А Финкелю признавался, одному ему: «Думаешь, я гуляка? Да мне, кроме Машки, никого не надо. Бывали, правда, увлечения на две-три встречи, потом как из колодца выныривал: обольщать случайную дуру, таиться, врать напропалую — не царское это дело. Выпьем за Машку, друг Финкель. Под помидор с огурчиком». Взывал в легком подпитии: «Машка, жена моя, я тебя возбуждаю?» — «Когда как», — отвечала. «Ты меня добивайся, Машка!»
— Не спеши, — уговаривала. — Поживи еще. Подумай о том, ради чего стоит продержаться.
— Ради тебя, — прикидывал. — Еврея Финкеля. Пива с воблой. Ради первенства мира по футболу. Очень уж ко всему привык, отвыкать не хочется…
Он опережал всегда и всех, опередил и тут. Пылкость натуры, ее увлеченность забрал с собой, чтобы и там, в горних высотах, взбодрить-взбудоражить снулых небожителей. «Гоша! Это же Гоша! Для забав-измышлений…»
Наказывал на прощание:
— Вы хороните человека, а это не часто случается. Усердствуйте, погребая, наймите плакальщиков в сюртуках — не пьянь кладбищенскую в драных ватниках. Всплакните у могилы. Пригорюньтесь. Не обделите цветочком. Таким похоронам можно позавидовать.
— Что ты мелешь, Гоша? Какие плакальщики?
Оглядывал грустное застолье:
— Эх ты, доля моя неладная!.. Приходите, ребята, не ленитесь: Хованское кладбище, двадцать первый километр Киевского шоссе. Положите возле уха телефон, звоните почаще, сообщайте новости: кто с кем, кто без кого. О книгах моих расскажите: читают или позабыли.
— Какой телефон, Гоша? Батарейка разрядится.
— Господи! — вопил. — С кем я связался? Не люди — таблицы умножения!
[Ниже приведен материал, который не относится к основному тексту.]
(* Consider the following game over slots $1,\dots,T$ with $N\ge2$ users. The BS chooses a pmf $\mathbf p$ and in every slot, independently, schedules user $i$ with probability $p_i$. The adversary chooses a blocking matrix $\sigma\in\{0,1\}^{N\times T}$, where $\sigma_i(t)=0$ means user $i$ is blocked in slot $t$. Feasibility means $\sum_{i,t}(1-\sigma_i(t))\le\alpha T$ and at most one user is blocked per slot, where $0<\alpha<1$. Ages satisfy $a_i(1)=1$ and $a_i(t+1)=1$ if user $i$ is scheduled and not blocked in slot $t$, and $a_i(t+1)=a_i(t)+1$ otherwise. The payoff is $\Delta^{\mathbf p,\sigma}=\frac1T\sum_{t=1}^T\frac1N\sum_i\mathbb E[a_i(t)]$. Let $\bar{\mathbf p}$ be the uniform pmf ($p_i=\frac1N$). Let $\bar\sigma$ block one arbitrary user exactly in the slots $\frac{(1-\alpha)T}{2}+1,\dots,\frac{(1+\alpha)T}2$ and nothing else. Then, for all sufficiently large $T$ with $\alpha T\in\mathbb Z$ and $(1-\alpha)T$ even, $(\bar{\mathbf p},\bar\sigma)$ is a Stackelberg equilibrium with the BS as leader. That is: - $\bar\sigma$ maximizes $\Delta^{\bar{\mathbf p},\sigma}$ over feasible $\sigma$; and - $\bar{\mathbf p}$ minimizes $\max_{\sigma\text{ feasible}}\Delta^{\mathbf p,\sigma}$ over all pmfs $\mathbf p$. *)

From mathcomp Require Import all_boot all_order all_algebra.
From mathcomp Require Import reals.
Set Implicit Arguments. Unset Strict Implicit. Unset Printing Implicit Defensive.
Import Order.TTheory GRing.Theory Num.Theory.
Local Open Scope ring_scope.

(* Slots 1..T are represented by ordinals u : 'I_T (slot u+1).
   A blocking matrix sigma : 'I_N -> 'I_T -> bool, with sigma i u = false
   meaning user i is blocked in slot u+1. *)

(* age s sigma i k = a_i(k+1) : a_i(1) = 1, and
   a_i(t+1) = 1 if i is scheduled and not blocked in slot t, else a_i(t)+1. *)
Fixpoint age (N T : nat) (s : {ffun 'I_T -> 'I_N}) (sigma : 'I_N -> 'I_T -> bool)
    (i : 'I_N) (k : nat) : nat :=
  match k with
  | 0 => 1
  | k'.+1 =>
      if [exists u : 'I_T, [&& val u == k', s u == i & sigma i u]] then 1
      else (age s sigma i k').+1
  end.

Definition pmf (R : realType) (N : nat) (p : 'I_N -> R) : Prop :=
  (forall i, 0 <= p i) /\ \sum_(i < N) p i = 1.

Definition sched_prob (R : realType) (N T : nat) (p : 'I_N -> R)
    (s : {ffun 'I_T -> 'I_N}) : R :=
  \prod_(u < T) p (s u).

(* E[a_i(u+1)] *)
Definition exp_age (R : realType) (N T : nat) (p : 'I_N -> R)
    (sigma : 'I_N -> 'I_T -> bool) (i : 'I_N) (u : 'I_T) : R :=
  \sum_(s : {ffun 'I_T -> 'I_N}) sched_prob p s * (age s sigma i u)%:R.

Definition payoff (R : realType) (N T : nat) (p : 'I_N -> R)
    (sigma : 'I_N -> 'I_T -> bool) : R :=
  (T%:R)^-1 * \sum_(u < T) ((N%:R)^-1 * \sum_(i < N) exp_age p sigma i u).

Definition feasible (R : realType) (N T : nat) (alpha : R)
    (sigma : 'I_N -> 'I_T -> bool) : Prop :=
  (\sum_(i < N) \sum_(u < T) ((~~ sigma i u : nat)%:R : R)) <= alpha * T%:R /\
  (forall u : 'I_T, (\sum_(i < N) (~~ sigma i u : nat) <= 1)%N).

Definition unif (R : realType) (N : nat) : 'I_N -> R := fun _ => (N%:R)^-1.

(* sigma_bar: block user j exactly in slots m+1, ..., m+k (1-based), where
   m = (1-alpha)T/2 and k = alpha T; i.e. ordinals u with m <= u < m+k. *)
Definition sigma_bar (N T : nat) (j : 'I_N) (m k : nat) : 'I_N -> 'I_T -> bool :=
  fun i u => ~~ ((i == j) && (m <= val u < m + k)%N).

From mathcomp Require Import all_boot all_order all_algebra.
From mathcomp Require Import reals.
From mathcomp Require Import ring lra zify.
Set Implicit Arguments. Unset Strict Implicit. Unset Printing Implicit Defensive.
Import Order.TTheory GRing.Theory Num.Theory.
Local Open Scope ring_scope.

(* The age a_i(t) is the number of s <= t such that user i is not served in any slot
   of [s, t), so E[a_i(t)] = sum_(s <= t) (1 - p_i)^(number of unblocked slots of i
   in [s, t)) and the payoff is a sum over the users of such "age sums".
   Against the uniform pmf every user has the weight y^e with y = 1 - 1/N.  As at most
   one user is blocked per slot, y^(n-a) + y^(n-b) <= y^n + y^(n-a-b) shows that moving
   all blocks onto a single user can only increase the payoff.  For a single user, twice
   the age sum is the sum over all pairs of slots of y^(number of unblocked slots between
   them); since the partial sums of the nonincreasing y^e are concave, this is maximal
   when the k blocked slots form one block in the middle of the horizon.
   For the leader, every pmf p has a user j with p_j <= 1/N.  Blocking j in the middle,
   convexity of x |-> x^e at x = y bounds the payoff below by the uniform payoff plus
   (1/N - p_j) times the increase of the age sum with derivative weights e y^(e-1) caused
   by the middle block; that increase is nonnegative as soon as the tail
   sum_(e > T/2) e y^(e-1) is at most 1, i.e. for large T. *)

Section PrefixCount.

Variable c : nat -> bool.

Definition prefix_count (x : nat) : nat := (\sum_(v < x) c v)%N.

Lemma prefix_countS x : prefix_count x.+1 = (prefix_count x + c x)%N.
Proof. by rewrite /prefix_count big_ord_recr. Qed.

Lemma leq_prefix_count : {homo prefix_count : x y / (x <= y)%N}.
Proof.
move=> x y /subnK <-; elim: (y - x)%N => [|d IH] //=.
by rewrite addSn prefix_countS (leq_trans IH) // leq_addr.
Qed.

Lemma prefix_count_blocked x : (prefix_count x + \sum_(v < x) ~~ c v)%N = x.
Proof.
by rewrite -big_split /= (eq_bigr (fun=> 1%N)) ?sum1_card ?card_ord // => v _; case: (c v).
Qed.

Lemma window_count a u : (a <= u)%N ->
  (\sum_(a <= v < u) c v)%N = `|prefix_count a - prefix_count u|%N.
Proof.
move=> hau; rewrite /prefix_count -!(big_mkord xpredT (fun v => nat_of_bool (c v))).
rewrite (@big_cat_nat _ _ _ a 0 u) //=; lia.
Qed.

Lemma window_count_blocked a u :
  (\sum_(a <= v < u) c v + \sum_(a <= v < u) ~~ c v)%N = (u - a)%N.
Proof.
rewrite -big_split /= (eq_bigr (fun=> 1%N)) ?sum_nat_const_nat ?muln1 // => v _.
by case: (c v).
Qed.

Definition after_block (a : nat) : bool := (0 < a)%N && ~~ c a.-1.

Lemma sum_not_after_block (R : nmodType) (g : nat -> R) L :
  \sum_(a < L.+1 | ~~ after_block a) g (prefix_count a) =
  \sum_(t < (prefix_count L).+1) g t.
Proof.
elim: L => [|L IH].
  by rewrite /after_block /prefix_count big_mkcond !big_ord1 /= big_ord0 big_ord1.
rewrite big_mkcond big_ord_recr /= -big_mkcond /= IH prefix_countS /after_block /=.
case: (c L) => /=; last by rewrite addr0 addn0.
by rewrite addn1 [in RHS]big_ord_recr.
Qed.

Lemma card_after_block (R : pzSemiRingType) L :
  \sum_(a < L.+1 | after_block a) (1 : R) = (\sum_(v < L) ~~ c v)%N%:R.
Proof.
elim: L => [|L IH]; first by rewrite big_mkcond big_ord1 big_ord0.
rewrite big_mkcond big_ord_recr /= -big_mkcond /= IH big_ord_recr /= natrD.
by rewrite /after_block /=; case: (c L).
Qed.

End PrefixCount.

Lemma prefix_count_true x : prefix_count (fun=> true) x = x.
Proof. by rewrite /prefix_count sum_nat_const card_ord muln1. Qed.

Lemma eq_prefix_count c c' : c =1 c' -> prefix_count c =1 prefix_count c'.
Proof. by move=> e x; apply: eq_bigr => v _; rewrite e. Qed.

Definition middle_block (n k v : nat) : bool := ~~ (n.+1 <= v < n.+1 + k)%N.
Дважды два, трижды восемь…
Не постучит в дверь, не встанет на пороге — белозубый, остроглазый, искрометный:
— Вам повезло. В ваш мир пришел я с нежданностью чувств и поступков. Уйду, кто меня заменит?
Не наговорит потешку:
— У попа была собака. У бабуси — гуси. А у Анны у Иванны мужики на пузе.
Не захохочет первым…
— Закройте, — приказала Маша. — Это уже не он.
Крышку опустили на гроб.
Обедают они втроем.
Ото-то усаживается за стол надолго, словно укладывается в постель, ест много, напористо, вознесенный над супом, постанывает от наслаждения, высасывая с ложки, торопится, обжигается, стараясь первым опорожнить тарелку и получить добавку.